To store output in a logger variable named $TestOutput use the following syntax:
-OutLoggerVariable TestOutput
Note: Do not use prepend a $ character when specifying the variable name.To save the information stored in the logger variable to an HTML file, use a command similar to this:
$TestOutput.ToHTML() \> C:\Logs\TestOutput.html
To save the information stored in the logger variable to an XML file, use a command similar to this:
$TestOutput.ToXML() \> C:\Logs\TestOutput.xml
| Type: | String |
| Aliases: | olv |
| Position: | Named |
| Default value: | None |
| Required: | False |
| Accept pipeline input: | False |
| Accept wildcard characters: | False |
| Applies to: | Lync Server 2013, Skype for Business Server 2015, Skype for Business Server 2019 |
-OutVerboseVariable
When present, detailed output from running the cmdlet will be stored in the specified variable. For example, to store output in a variable named $TestOutput use the following syntax:
-OutVerboseVariable TestOutput
Do not prepend a $ character when specifying the variable name.
| Type: | String |
| Aliases: | ovv |
| Position: | Named |
| Default value: | None |
| Required: | False |
| Accept pipeline input: | False |
| Accept wildcard characters: | False |
| Applies to: | Lync Server 2013, Skype for Business Server 2015, Skype for Business Server 2019 |
-RegistrarPort
SIP port used by the Registrar service. This parameter is not required if the Registrar uses the default port 5061.
| Type: | Int32 |
| Aliases: | rp |
| Position: | Named |
| Default value: | None |
| Required: | False |
| Accept pipeline input: | False |
| Accept wildcard characters: | False |
| Applies to: | Lync Server 2013, Skype for Business Server 2015, Skype for Business Server 2019 |
-TargetFqdn
Fully qualified domain name (FQDN) of the Registrar pool where client authentication is to be tested.
For example: -TargetFqdn "atl-cs-001.litwareinc.com".
| Type: | String |
| Aliases: | t |
| Position: | 2 |
| Default value: | None |
| Required: | False |
| Accept pipeline input: | False |
| Accept wildcard characters: | False |
| Applies to: | Lync Server 2013, Skype for Business Server 2015, Skype for Business Server 2019 |
-TargetUri
URL of the certificate provisioning service.

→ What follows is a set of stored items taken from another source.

Lemma liouville_window_step k n :
  `|liouville_window k n.+1 - liouville_window k n| <= 2.
Proof.
have -> : liouville_window k n.+1 - liouville_window k n = liouville (n + k) - liouville n.
  by have := liouville_window_succ k n; lia.
by rewrite (le_trans (ler_normB _ _)) // !normr_liouville.
Qed.

Lemma liouville_window_parity k n : (2 %| liouville_window k n - k%:Z)%Z.
Proof.
elim: k => [|k IH]; first by rewrite /liouville_window big_ord0.
rewrite /liouville_window big_ord_recr /= -/(liouville_window k n).
have -> : liouville_window k n + liouville (n + k) - k.+1%:Z =
          (liouville_window k n - k%:Z) + (liouville (n + k) - 1) by lia.
by rewrite rpredD //; case: (liouville_sign (n + k)) => ->.
Qed.

Section EvenWalk.

Variable s : nat -> int.
Hypotheses (s_step : forall n, `|s n.+1 - s n| <= 2) (s_even : forall n, (2 %| s n)%Z).

Lemma even_walk_zero a d :
  s a <= 0 <= s (a + d)%N -> exists2 n, (a <= n <= a + d)%N & s n = 0.
Proof.
elim: d a => [|d IH] a /andP[sa_le0 sad_ge0].
  by exists a; rewrite ?addn0 ?leqnn //; apply/le_anti; rewrite sa_le0 -[a in s a]addn0.
have [sa0 | sa_neq0] := eqVneq (s a) 0; first by exists a; rewrite ?leqnn ?leq_addr.
have sa1_le0 : s a.+1 <= 0.
  have /dvdzP[c sa_eq] := s_even a; have /ler_normlP[_] := s_step a.
  by move: sa_le0 sa_neq0; rewrite sa_eq; lia.
have [n /andP[a_lt_n n_le] sn0] : exists2 n, (a.+1 <= n <= a.+1 + d)%N & s n = 0.
  by apply: IH; rewrite sa1_le0 addSnnS.
by exists n; rewrite // (ltnW a_lt_n) -addSnnS.
Qed.

End EvenWalk.

Lemma even_walk_sign_change (s : nat -> int) a b :
  (forall n, `|s n.+1 - s n| <= 2) -> (forall n, (2 %| s n)%Z) ->
  s a * s b <= 0 -> exists2 n, (minn a b <= n <= maxn a b)%N & s n = 0.
Proof.
wlog a_le_b : a b / (a <= b)%N.
  move=> hw s_step s_even sab; case/orP: (leq_total a b) => [a_le_b | b_le_a].
    exact: hw.
  by rewrite minnC maxnC; apply: hw; rewrite // mulrC.
wlog sa_le0 : s / s a <= 0.
  move=> hw s_step s_even sab; case/orP: (le_total (s a) 0) => [sa_le0 | sa_ge0].
    exact: hw.
  have [n n_ab /eqP] : exists2 n, (minn a b <= n <= maxn a b)%N & - s n = 0.
    apply: hw; rewrite ?oppr_le0 ?mulrNN // => n; first by rewrite -opprD normrN.
    by rewrite dvdzE abszN -dvdzE.
  by rewrite oppr_eq0 => /eqP; exists n.
rewrite (minn_idPl a_le_b) (maxn_idPr a_le_b) -(subnKC a_le_b) => s_step s_even sab.
have [sa0 | sa_neq0] := eqVneq (s a) 0; first by exists a; rewrite ?leqnn ?leq_addr.
apply: even_walk_zero => //; rewrite sa_le0 /=.
by move: sab; rewrite nmulr_rle0 // lt_neqAle sa_neq0.
Qed.

Lemma shift_incr_lower_bound (a : nat -> int) k N : (0 < k)%N ->
  (forall y, `|a y| <= y%:Z) -> (forall y, (N <= y)%N -> a y + 1 <= a (y + k)%N) ->
  forall y, y%:Z - (k.+1 * (N + k))%N%:Z <= k%:Z * a y.
Proof.
move=> k_gt0 a_le a_incr; elim/ltn_ind => y IH.
(* The constant absorbs the range y < N + k, where only |a y| <= y is available. *)
have [y_small | y_large] := ltnP y (N + k).
  have /ler_normlP[ay_ge _] := a_le y.
  have : k%:Z * - y%:Z <= k%:Z * a y by rewrite ler_wpM2l // lerNl.
  have : (k.+1 * y <= k.+1 * (N + k))%N by rewrite leq_mul2l ltnW ?orbT.
  nia.
have y_eq : (y - k + k)%N = y by rewrite subnK //; lia.
have incr : a (y - k)%N + 1 <= a y by rewrite -[in a y]y_eq a_incr //; lia.
have : k%:Z * (a (y - k)%N + 1) <= k%:Z * a y by rewrite ler_wpM2l.
have := IH (y - k)%N ltac:(lia); nia.
Qed.

Lemma liouville_window_nonpos k N eps : (0 < k)%N -> `|eps| = 1 ->
  exists2 n, (N < n)%N & eps * liouville_window k n <= 0.
Proof.
move=> k_gt0 eps_unit; apply: NNPP => no_n.
pose a y := eps * liouville_sum y.
have a_le y : `|a y| <= y%:Z by rewrite normrM eps_unit mul1r normr_liouville_sum.
have a_incr y : (N <= y)%N -> a y + 1 <= a (y + k)%N.
  move=> N_le_y; rewrite /a liouville_sum_addn mulrDr lerD2l.
  have : ~ (eps * liouville_window k y.+1 <= 0) by move=> le0; apply: no_n; exists y.+1.
  lia.
set C := (k.+1 * (N + k))%N.
have [x D_gt] := divisor_summatory_superlinear (k + C).
have lower : (divisor_summatory x)%:Z - (x * C)%N%:Z <= k%:Z * (eps * liouville_floor_sum x).
  rewrite liouville_floor_sum_hyperbola !mulr_sumr.
  have -> : (divisor_summatory x)%:Z - (x * C)%N%:Z =
            \sum_(1 <= q < x.+1) ((x %/ q)%N%:Z - C%:Z).
    rewrite sumrB sumr_const_nat subn1 -(big_morph Posz PoszD erefl).
    by rewrite /= -mulr_natr natz -PoszM mulnC.
  by apply: ler_sum_nat => q _; exact: shift_incr_lower_bound _ _ _ k_gt0 a_le a_incr _.
have upper : k%:Z * (eps * liouville_floor_sum x) <= k%:Z * x%:Z.
  rewrite ler_wpM2l // (le_trans (ler_norm _)) // normrM eps_unit mul1r.
  by have /andP[T_ge0 T_le] := liouville_floor_sum_ge0_le x; rewrite ger0_norm.
move: D_gt; rewrite -ltz_nat; lia.
Qed.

If this parameter is not included then the Test-CsClientAuthentication cmdlet will use the certificate provisioning service configured for the Registrar pool.
| Type: | String |
| Aliases: | tu |
| Position: | Named |
| Default value: | None |
| Required: | False |
| Accept pipeline input: | False |
| Accept wildcard characters: | False |
| Applies to: | Lync Server 2013, Skype for Business Server 2015, Skype for Business Server 2019 |
-UserCredential
User credential object for the user account to be used in the test.

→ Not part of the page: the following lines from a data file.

Variables (m : nat) (p : nat -> nat).
Hypothesis Hp : forall l, 1 <= l <= m -> 1 < p l.
Hypothesis Hcop : forall i j, 1 <= i <= m -> 1 <= j <= m -> i <> j -> Nat.gcd (p i) (p j) = 1.

(* Gauss's lemma, since [p_j] is coprime to every other [p_l]. *)
Lemma divides_lower_exponent be ga j (n0 : Z) : 1 <= j <= m -> ga j < be j ->
  (Z.of_nat (prod_pow p be m) | Z.of_nat (prod_pow p ga m) * n0)%Z ->
  (Z.of_nat (prod_pow p be m) | Z.of_nat (prod_pow p (upd be j (ga j)) m) * n0)%Z.
Proof.
  intros Hj Hlt Hd.
  set (a := ga j) in *. set (b := be j) in *.
  set (R := prod_pow p (upd be j 0) m). set (H := prod_pow p (upd ga j 0) m).
  assert (Ebe : prod_pow p be m = p j ^ a * p j ^ (b - a) * R).
  { rewrite (prod_pow_split p be j m Hj), <- Nat.pow_add_r.
    replace (a + (b - a)) with b by lia. reflexivity. }
  assert (Ega : prod_pow p ga m = p j ^ a * H) by (apply prod_pow_split; auto).
  assert (Eupd : prod_pow p (upd be j a) m = p j ^ a * R) by (apply prod_pow_upd; auto).
  assert (Hcoprime : Nat.gcd (p j ^ (b - a)) H = 1).
  { apply coprime_pow_l. rewrite Nat.gcd_comm. apply prod_pow_coprime.
    intros l Hl. unfold upd. destruct (Nat.eqb_spec l j); [left; auto | right; apply Hcop; lia]. }
  apply Nat2Z_coprime in Hcoprime.
  rewrite Ebe, Ega in Hd. rewrite Ebe, Eupd.
  rewrite !Nat2Z.inj_mul in *.
  set (A := Z.of_nat (p j ^ a)) in *. set (E := Z.of_nat (p j ^ (b - a))) in *.
  assert (HA : A <> 0%Z) by (generalize (pow_pos_nat (p j) a ltac:(specialize (Hp j Hj); lia)); lia).
  assert (Hd' : (A * E | A * (Z.of_nat H * n0))%Z).
  { apply Z.divide_trans with (A * E * Z.of_nat R)%Z; [exists (Z.of_nat R); ring|].
    replace (A * (Z.of_nat H * n0))%Z with (A * Z.of_nat H * n0)%Z by ring. exact Hd. }
  apply Z.mul_divide_cancel_l, Z.gauss in Hd'; auto.
  destruct Hd' as [c ->]. exists c. ring.
Qed.

Lemma good_elements_from_windows (r y : R) bd n nw W :
  1 <= m -> bd 1 = 1 -> nw * W <= n ->
  (forall t i, In t (box p bd m) -> i < n -> (INR (t * p 1 ^ i) * r <= 1)%R) ->
  (forall t w, In t (box p bd m) -> w < nw ->
     exists i, w * W <= i < w * W + W /\ far_nint (p 1) y (t * p 1 ^ i)) ->
  exists L, NoDup L /\ (forall h, In h L -> inSr m p r h /\ far_nint (p 1) y h) /\
    box_size bd m * nw <= length L.
Proof.
  intros Hm Hbd1 Hn Hsize Hwin.
  set (g := fun h => if Rge_dec (dist_nint (INR h * y)) (1 / (3 * INR (p 1))) then true else false).
  assert (Hfirst : forall t, In t (box p bd m) -> exists al, al 1 = 0 /\ t = prod_pow p al m).
  { intros t Ht. destruct (in_box p bd m t Ht) as [al [Hb ->]]. exists al.
    specialize (Hb 1 ltac:(lia)). split; [lia | auto]. }
  exists (filter g (pow_layer (p 1) (box p bd m) n)). split; [|split].
  - apply NoDup_filter, NoDup_pow_layer; [apply Hp; lia | apply NoDup_box with m; auto|].
    intros x Hx. destruct (Hfirst x Hx) as [al [H1 ->]]. apply prod_pow_coprime.
    intros l Hl. destruct (Nat.eq_dec l 1) as [->|]; [left; auto | right; apply Hcop; lia].
  - intros h Hh. apply filter_In in Hh. destruct Hh as [Hh Hg].
    unfold g in Hg. destruct (Rge_dec _ _) as [Hge|]; [|discriminate].
    split; [|exact Hge]. apply in_pow_layer in Hh. destruct Hh as [t [i [Ht [Hi ->]]]].
    split; [|apply Hsize; auto].
    destruct (Hfirst t Ht) as [al [H1 ->]]. exists (upd al 1 i). apply prod_pow_upd_first; lia.
  - rewrite <- (length_box p bd m). apply length_filter_pow_layer with W; auto.
    intros x w Hx Hw. destruct (Hwin x w Hx Hw) as [i [Hi Hd]]. exists i. split; auto.
    unfold g. destruct (Rge_dec _ _); auto.
Qed.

The value passed to UserCredential should be an object reference obtained by using the Get-Credential cmdlet.
For example, this code returns a credentials object for the user litwareinc\kenmyer and stores that object in a variable named $x:
$x = Get-Credential "litwareinc\kenmyer"
You need to supply the user password when running this command.
| Type: | PSCredential |
| Aliases: | uc |
| Position: | Named |
| Default value: | None |
| Required: | True |
| Accept pipeline input: | False |
| Accept wildcard characters: | False |
| Applies to: | Lync Server 2013, Skype for Business Server 2015, Skype for Business Server 2019 |
-UserSipAddress
SIP address of the user to be used in the test.

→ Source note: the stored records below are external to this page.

(* For every $b\in\mathbb N$, every $\mathfrak a\in I_K$ and every $m\in\mathbb Z$ one has \[ G^b(\mathfrak a,m,0)=\frac{N_{bD}(\mathfrak a,m)}{D}. \]
   Context: Let $K$ be a real quadratic number field whose discriminant $D$ is odd (so $D>1$, $D\equiv 1 \pmod 4$ and $D$ is squarefree). Let $\mathcal O_K$ be its ring of integers, $x\mapsto x'$ the nontrivial automorphism of $K$, $N(x)=xx'$ and $\mathrm{tr}(x)=x+x'$. Let $I_K$ be the group of nonzero fractional ideals of $K$. For $\mathfrak a\in I_K$ let $N(\mathfrak a)\in\mathbb Q_{>0}$ denote its absolute norm; it is multiplicative and $N(x\mathcal O_K)=|N(x)|$. Let $\mathfrak d=\sqrt D\,\mathcal O_K$ be the different. Put $e(x)=e^{2\pi i x}$. For $b\in\mathbb N$, $\mathfrak a\in I_K$ and $m\in\mathbb Z$ define \[ G^b(\mathfrak a,m,0)=\#\Big\{\lambda\in \mathfrak a\mathfrak d^{-1}/b\mathfrak a : \tfrac{N(\lambda)}{N(\mathfrak a)}\equiv -\tfrac{m}{D}\pmod{b\mathbb Z}\Big\}, \] where the congruence means that the difference of the two rational numbers lies in $b\mathbb Z$. Further define \[ R_b(\mathfrak a,m)=\Big\{\lambda\in\mathfrak a/b\mathfrak a : \tfrac{N(\lambda)}{N(\mathfrak a)}\equiv m\pmod b\Big\},\qquad N_b(\mathfrak a,m)=\#R_b(\mathfrak a,m) \] (for $\lambda\in\mathfrak a$ the number $N(\lambda)/N(\mathfrak a)$ is an integer whose class mod $b$ depends only on $\lambda$ mod $b\mathfrak a$). *)

From HB Require Import structures.
From mathcomp Require Import all_boot all_order all_algebra.
From mathcomp Require Import finmap boolp classical_sets cardinality.
Set Implicit Arguments. Unset Strict Implicit. Unset Printing Implicit Defensive.
Import Order.TTheory GRing.Theory Num.Theory.
Local Open Scope ring_scope.
Local Open Scope classical_set_scope.

(* Elements of K = Q(sqrt D) are pairs (x, y) : rat * rat standing for
   x + y * sqrt D.  D is passed explicitly. *)
Definition qf := (rat * rat)%type.

Definition qadd (x y : qf) : qf := (x.1 + y.1, x.2 + y.2).
Definition qmul (D : nat) (x y : qf) : qf :=
  (x.1 * y.1 + D%:R * (x.2 * y.2), x.1 * y.2 + x.2 * y.1).
Definition qscale (r : rat) (x : qf) : qf := (r * x.1, r * x.2).
Definition qconj (x : qf) : qf := (x.1, - x.2).
(* N(x) = x x' and tr(x) = x + x' *)
Definition qnorm (D : nat) (x : qf) : rat := x.1 ^+ 2 - D%:R * x.2 ^+ 2.
Definition qtr (x : qf) : rat := 2 * x.1.

(* Ring of integers for D = 1 mod 4 : Z[omega], omega = (1 + sqrt D)/2. *)
Definition OK (D : nat) : set qf :=
  [set z | exists u v : int, z = (u%:~R + v%:~R / 2, v%:~R / 2)].

Definition is_frac_ideal (D : nat) (A : set qf) : Prop :=
  [/\ A (0, 0),
      (forall x y, A x -> A y -> A (qadd x y)),
      (forall r x, OK D r -> A x -> A (qmul D r x)),
      (exists x, A x /\ x <> (0, 0)) &
      (exists d : nat, (0 < d)%N /\ forall x, A x -> OK D (qscale d%:R x))].

Definition ideal_mul (D : nat) (A B : set qf) : set qf :=
  [set z | exists s : seq (qf * qf),
      (forall p, p \in s -> A p.1 /\ B p.2) /\
      z = foldr (fun p acc => qadd (qmul D p.1 p.2) acc) (0, 0) s].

For example: -UserSipAddress sip:kenmyer@litwareinc.com.
| Type: | String |
| Aliases: | ua |
| Position: | Named |
| Default value: | None |
| Required: | True |
| Accept pipeline input: | False |
| Accept wildcard characters: | False |
| Applies to: | Lync Server 2013, Skype for Business Server 2015, Skype for Business Server 2019 |
Inputs
None.
Outputs
The Test-CsClientAuthentication cmdlet returns an instance of the Microsoft.Rtc.SyntheticTransactions.TaskOutput object.